Commenting ahead of the closure of the Government’s consultation on a review of the Feed-in Tariff (FiT) scheme for renewable energy, Mark Stewart, Baker Tilly’s head of infrastructure and renewable energy in Scotland said: ‘This consultation has all been about the Department for Energy and Climate Change trying to manage its costs and the Government’s response will have very serious implications for the whole renewables sector.

‘In order to remain within the proposed overall budget cap of £75-100m for the FiT scheme (to 2018/19), developers and investors will have to accept the internal rate of return (IRR) hurdle rates assumed for each technology type underpinning the proposed FiT rates going forward.  For solar investors that means four per cent, for onshore wind it is five per cent and for hydro it is nine per cent.  If the cost of the scheme cannot be managed by these deployment caps, DECC proposes to close the scheme for new applicants as soon as legislatively possible, which is expected to be January 2016.

‘Many of our clients have strongly argued that the proposed hurdle rates for onshore wind and solar projects in particular are well below that which would attract investment in the FiT scheme going forward.
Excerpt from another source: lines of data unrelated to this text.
(* Let $\mathbf{J}\in\mathbb{R}^{n\times n}$ be a real symmetric matrix with zero diagonal, let $\alpha,\beta>0$, and define $\mathcal{E}(\boldsymbol{x})=-\frac12\boldsymbol{x}^\top\mathbf{J}\boldsymbol{x}$, $\mathcal{A}(\boldsymbol{x})=\frac{\beta}{4}\sum_i x_i^4-\frac{\alpha}{2}\sum_i x_i^2$ and $\mathcal{H}=\mathcal{A}+\mathcal{E}$ on $\mathbb{R}^n$. Suppose $\boldsymbol{x}^*$ is a minimizer of $\mathcal{H}$ over $\mathbb{R}^n$ and $\boldsymbol{x}^*\in\{-\lambda,\lambda\}^n$ for some $\lambda>0$. Then $\mathrm{sign}(\boldsymbol{x}^* )$ (componentwise sign) is a minimizer of $\mathcal{E}$ over $\{-1,+1\}^n$. *)

From mathcomp Require Import all_boot all_order all_algebra.
From mathcomp Require Import reals.
Set Implicit Arguments. Unset Strict Implicit. Unset Printing Implicit Defensive.
Import Order.TTheory GRing.Theory Num.Theory.
Local Open Scope ring_scope.

Definition Eising (R : realType) (n : nat) (J : 'M[R]_n) (x : 'cV[R]_n) : R :=
  - (1 / 2) * (x^T *m J *m x) 0 0.

Definition Aniso (R : realType) (n : nat) (alpha beta : R) (x : 'cV[R]_n) : R :=
  beta / 4 * (\sum_(i < n) x i 0 ^+ 4) - alpha / 2 * (\sum_(i < n) x i 0 ^+ 2).

Definition Ham (R : realType) (n : nat) (J : 'M[R]_n) (alpha beta : R)
  (x : 'cV[R]_n) : R := Aniso alpha beta x + Eising J x.

Definition sgvec (R : realType) (n : nat) (x : 'cV[R]_n) : 'cV[R]_n :=
  \col_i Num.sg (x i 0).

Definition is_spin (R : realType) (n : nat) (s : 'cV[R]_n) : Prop :=
  forall i, s i 0 = 1 \/ s i 0 = -1.

From mathcomp Require Import all_boot all_order all_algebra.
From mathcomp Require Import reals.
Import Order.TTheory GRing.Theory Num.Theory.
Local Open Scope ring_scope.

(* On a scaled spin configuration [c *: s] the anisotropy [Aniso] only depends
   on [c], while [Eising] is homogeneous of degree 2.  Hence comparing the
   minimal value [Ham xs = Ham (lambda *: sgvec xs)] with [Ham (lambda *: s)]
   leaves [lambda ^+ 2 * Eising (sgvec xs) <= lambda ^+ 2 * Eising s]. *)

Section ScaledSpins.

Set Implicit Arguments.

Variables (R : realType) (n : nat) (J : 'M[R]_n) (alpha beta : R).

Lemma EisingZ (c : R) (x : 'cV[R]_n) :
  Eising J (c *: x) = c ^+ 2 * Eising J x.
Proof.
rewrite /Eising [(c *: x)^T]linearZ /= -!scalemxAl -scalemxAr scalerA !mxE expr2.
by rewrite mulrCA mulrA.
Qed.

Lemma spin_sqr (s : 'cV[R]_n) i : is_spin s -> s i 0 ^+ 2 = 1.
Proof. by move=> /(_ i) [] ->; rewrite ?sqrrN expr1n. Qed.

Lemma Aniso_scaled_spin (c : R) (s : 'cV[R]_n) :
  is_spin s ->
  Aniso alpha beta (c *: s) = (beta / 4 * c ^+ 4 - alpha / 2 * c ^+ 2) *+ n.
Proof.
move=> s_spin; rewrite /Aniso.
have sq i : (c *: s) i 0 ^+ 2 = c ^+ 2 by rewrite mxE exprMn spin_sqr ?mulr1.
have qu i : (c *: s) i 0 ^+ 4 = c ^+ 4.
  by rewrite (_ : 4 = 2 * 2)%N // !exprM sq.
under eq_bigr do rewrite qu.
under [X in _ - _ * X]eq_bigr do rewrite sq.
by rewrite !sumr_const card_ord mulrnBl -!mulrnAr.
Qed.

Lemma sgvec_spin (x : 'cV[R]_n) :
  (forall i, x i 0 != 0) -> is_spin (sgvec x).
Proof.
move=> x_neq0 i; rewrite mxE.
by case: (ltrgt0P (x i 0)) (x_neq0 i) => [/gtr0_sg|/ltr0_sg|->]; [left|right|].
Qed.

Lemma scale_sgvec (x : 'cV[R]_n) (lambda : R) :
  (forall i, `|x i 0| = lambda) -> x = lambda *: sgvec x.
Proof.
move=> x_norm; apply/matrixP => i j; rewrite (ord1 j) !mxE -(x_norm i).
by rewrite mulrC -numEsg.
Qed.

Lemma scaled_spin_min_Eising (lambda : R) (t : 'cV[R]_n) :
  lambda != 0 -> is_spin t ->
  (forall y : 'cV[R]_n, Ham J alpha beta (lambda *: t) <= Ham J alpha beta y) ->
  forall s : 'cV[R]_n, is_spin s -> Eising J t <= Eising J s.
Proof.
move=> lambda_neq0 t_spin t_min s s_spin.
have := t_min (lambda *: s).
rewrite /Ham !Aniso_scaled_spin // lerD2l !EisingZ.
by rewrite ler_pM2l // exprn_even_gt0.
Qed.

End ScaledSpins.

Theorem propositionS5 (R : realType) (n : nat) (J : 'M[R]_n) (alpha beta lambda : R)
  (xs : 'cV[R]_n) :
  J^T = J ->
  (forall i, J i i = 0) ->
  0 < alpha -> 0 < beta ->
  (forall y : 'cV[R]_n, Ham J alpha beta xs <= Ham J alpha beta y) ->
  0 < lambda ->
  (forall i, xs i 0 = lambda \/ xs i 0 = - lambda) ->
  is_spin (sgvec xs) /\
  (forall s : 'cV[R]_n, is_spin s -> Eising J (sgvec xs) <= Eising J s).
Proof.
move=> _ _ _ _ xs_min lambda_gt0 xs_pm.
have xs_norm i : `|xs i 0| = lambda.
  by case: (xs_pm i) => ->; rewrite ?normrN gtr0_norm.
have xs_spin : is_spin (sgvec xs).
  apply: sgvec_spin => i; rewrite -normr_eq0 xs_norm.
  exact: lt0r_neq0.
split=> //; apply: (scaled_spin_min_Eising J alpha beta _ (lt0r_neq0 lambda_gt0) xs_spin).
by rewrite -scale_sgvec.
Qed.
‘Sadly for the renewables sector, this consultation is but one of a number of recent UK Government announcements which have rocked the industry. This started with the closure of the Renewables Obligation (RO) for large scale solar projects of 5MW or more in April 2015, followed by the consultation on the intention to close the RO for solar projects of less than 5MW from 1 April 2016 and the intention to close the RO for onshore wind from 1 April 2016 – although this appears to have been defeated in the House of Lords.

“We’ve also seen a delay to the next round of contract for difference (CfD) allocations, the removal of FiT pre-accreditation and the removal of renewable energy generation from the climate change levy exemption. These have all had a detrimental effect on investors, funders, the community and supply chains across the renewables industry. Taken together, they are undermining commitments to tackling climate change and putting thousands of jobs and billions of pounds worth of investment at risk.

‘According to Scottish Renewables, the voice of the industry in Scotland, the impact of these measures could be in the region of £3bn of lost investment and over 5,000 jobs lost in Scotland alone. A report to be issued today by Community Energy England states that capital investment of £127m is now not likely to happen as a result of changes to the FiT scheme, 87% of which are solar projects.

‘The debate on “cost minimisation to the end consumer”, one of Amber Rudd’s key manifesto pledges, will certainly intensify in the coming weeks, particularly as the UK has signed an agreement with the Chinese Government to deliver the £18bn Hinkley Point C nuclear energy plant which is a 3GW power station. It has been argued that the same level of investment would deliver 20GW if invested into offshore wind technology.’

Lindsey Cooper, a partner in Baker Tilly’s restructuring and advisory renewable energy team said: ‘The disproportionate impact on the solar industry is being felt with a number of high profile administrations in recent weeks including the Mark Group and Climate Energy citing a lack of consumer demand resulting from UK Government policy changes. In addition two US groups have recently announced that they will be pulling out of the UK solar market.

‘Companies operating in the sector and their supply chain are facing increased scrutiny from their investors and bankers as they seek to gain comfort around ongoing viability and in some instances projects may be shelved or mothballed. This is a tough time for businesses in this sector and many will need to consider restructuring, merging or even exiting the market.’